◆ Exercise goal:
An exact copy of the listing is needed, with every line kept.

◆ Extracted records:
(* Let $h:\mathbb R\to\mathbb R$ be strictly increasing and continuous on $[0,1]$ and $\beta\in(0,1)$ with $\nu_k\le h(\beta^k)$ for all $k\in\mathbb N$ and $\{k:\nu_k>h(0)\}\neq\emptyset$. Let $\omega(s)=\min\{h(1),\max\{s,h(0)\}\}$ and $$V(x)=\sup_{k\in\mathbb N}\beta^{-k}\,h^{-1}_{[0,1]}\big(\omega(\varphi(T^k(x)))\big),\quad x\in\mathbb R^d.$$ Then $V$ is an Opt-Lyapunov function for $(X^{\rm in},T)$ (with $V\circ T\le\beta V$). Moreover the function $\hat h$ defined by $\hat h(s)=s-h(0)$ for $s\le h(0)$ and $\hat h(s)=h^{-1}_{[0,1]}(s)$ for $s\in(h(0),h(1)]$ (extended arbitrarily to $\mathbb R$) is an $(X^{\rm in},T,\varphi)$-certificate of compatibility for $V$; in particular $V$ is $(X^{\rm in},T,\varphi)$-compatible.
   Context: Standing data: nonempty $X^{\rm in}\subseteq\mathbb R^d$, $T:\mathbb R^d\to\mathbb R^d$, $\varphi:\mathbb R^d\to\mathbb R$ with $\varphi(0)=0$, $\nu_k=\sup_{x\in X^{\rm in}}\varphi(T^k(x))$ finite for all $k$; $G^{>}_\nu=\{k:\nu_k>\limsup_n\nu_n\}$. $h^{-1}_{[0,1]}:[h(0),h(1)]\to[0,1]$ is the inverse of $h|_{[0,1]}$. An Opt-Lyapunov function for $(X^{\rm in},T)$ is $V:\mathbb R^d\to[0,+\infty]$ with $\sup_{X^{\rm in}}V\in(0,1]$ and $V\circ T\le\lambda V$ for some $\lambda\in(0,1)$. $I^\varphi=\overline{\operatorname{conv}}\{\varphi(T^k(x)):k\in\mathbb N,x\in X^{\rm in}\}$. $\mathrm{SC}$: functions $\alpha:\mathbb R\to\mathbb R$ with an interval $I$ such that $\alpha(I)=[0,1]$ and $\alpha$ strictly increasing continuous on $\operatorname{conv}(I^\varphi\cup I)$. An $(X^{\rm in},T,\varphi)$-certificate of compatibility for $g$ is $\alpha\in\mathrm{SC}$ with $\alpha(\nu_k)>0$ for some $k\in G^{>}_\nu$ and $\alpha(\varphi(T^k(x)))\le g(T^k(x))$ for all $k\in\mathbb N$, $x\in X^{\rm in}$. $g$ is $(X^{\rm in},T,\varphi)$-compatible if for some $k\in G^{>}_\nu$ there are $\varepsilon,\eta>0$ with: $x\in X^{\rm in}$, $j\in\mathbb N$, $\varphi(T^j(x))>\nu_k-\eta$ imply $g(T^j(x))>\varepsilon$. *)

From HB Require Import structures.
From mathcomp Require Import all_boot all_order all_algebra.
From mathcomp Require Import all_classical all_reals all_analysis.
Set Implicit Arguments. Unset Strict Implicit. Unset Printing Implicit Defensive.
Import Order.TTheory GRing.Theory Num.Theory.
Import numFieldNormedType.Exports.
Local Open Scope classical_set_scope.
Local Open Scope ring_scope.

◆ Expected answer:
(* Let $h:\mathbb R\to\mathbb R$ be strictly increasing and continuous on $[0,1]$ and $\beta\in(0,1)$ with $\nu_k\le h(\beta^k)$ for all $k\in\mathbb N$ and $\{k:\nu_k>h(0)\}\neq\emptyset$. Let $\omega(s)=\min\{h(1),\max\{s,h(0)\}\}$ and $$V(x)=\sup_{k\in\mathbb N}\beta^{-k}\,h^{-1}_{[0,1]}\big(\omega(\varphi(T^k(x)))\big),\quad x\in\mathbb R^d.$$ Then $V$ is an Opt-Lyapunov function for $(X^{\rm in},T)$ (with $V\circ T\le\beta V$). Moreover the function $\hat h$ defined by $\hat h(s)=s-h(0)$ for $s\le h(0)$ and $\hat h(s)=h^{-1}_{[0,1]}(s)$ for $s\in(h(0),h(1)]$ (extended arbitrarily to $\mathbb R$) is an $(X^{\rm in},T,\varphi)$-certificate of compatibility for $V$; in particular $V$ is $(X^{\rm in},T,\varphi)$-compatible.
   Context: Standing data: nonempty $X^{\rm in}\subseteq\mathbb R^d$, $T:\mathbb R^d\to\mathbb R^d$, $\varphi:\mathbb R^d\to\mathbb R$ with $\varphi(0)=0$, $\nu_k=\sup_{x\in X^{\rm in}}\varphi(T^k(x))$ finite for all $k$; $G^{>}_\nu=\{k:\nu_k>\limsup_n\nu_n\}$. $h^{-1}_{[0,1]}:[h(0),h(1)]\to[0,1]$ is the inverse of $h|_{[0,1]}$. An Opt-Lyapunov function for $(X^{\rm in},T)$ is $V:\mathbb R^d\to[0,+\infty]$ with $\sup_{X^{\rm in}}V\in(0,1]$ and $V\circ T\le\lambda V$ for some $\lambda\in(0,1)$. $I^\varphi=\overline{\operatorname{conv}}\{\varphi(T^k(x)):k\in\mathbb N,x\in X^{\rm in}\}$. $\mathrm{SC}$: functions $\alpha:\mathbb R\to\mathbb R$ with an interval $I$ such that $\alpha(I)=[0,1]$ and $\alpha$ strictly increasing continuous on $\operatorname{conv}(I^\varphi\cup I)$. An $(X^{\rm in},T,\varphi)$-certificate of compatibility for $g$ is $\alpha\in\mathrm{SC}$ with $\alpha(\nu_k)>0$ for some $k\in G^{>}_\nu$ and $\alpha(\varphi(T^k(x)))\le g(T^k(x))$ for all $k\in\mathbb N$, $x\in X^{\rm in}$. $g$ is $(X^{\rm in},T,\varphi)$-compatible if for some $k\in G^{>}_\nu$ there are $\varepsilon,\eta>0$ with: $x\in X^{\rm in}$, $j\in\mathbb N$, $\varphi(T^j(x))>\nu_k-\eta$ imply $g(T^j(x))>\varepsilon$. *)

From HB Require Import structures.
From mathcomp Require Import all_boot all_order all_algebra.
From mathcomp Require Import all_classical all_reals all_analysis.
Set Implicit Arguments. Unset Strict Implicit. Unset Printing Implicit Defensive.
Import Order.TTheory GRing.Theory Num.Theory.
Import numFieldNormedType.Exports.
Local Open Scope classical_set_scope.
Local Open Scope ring_scope.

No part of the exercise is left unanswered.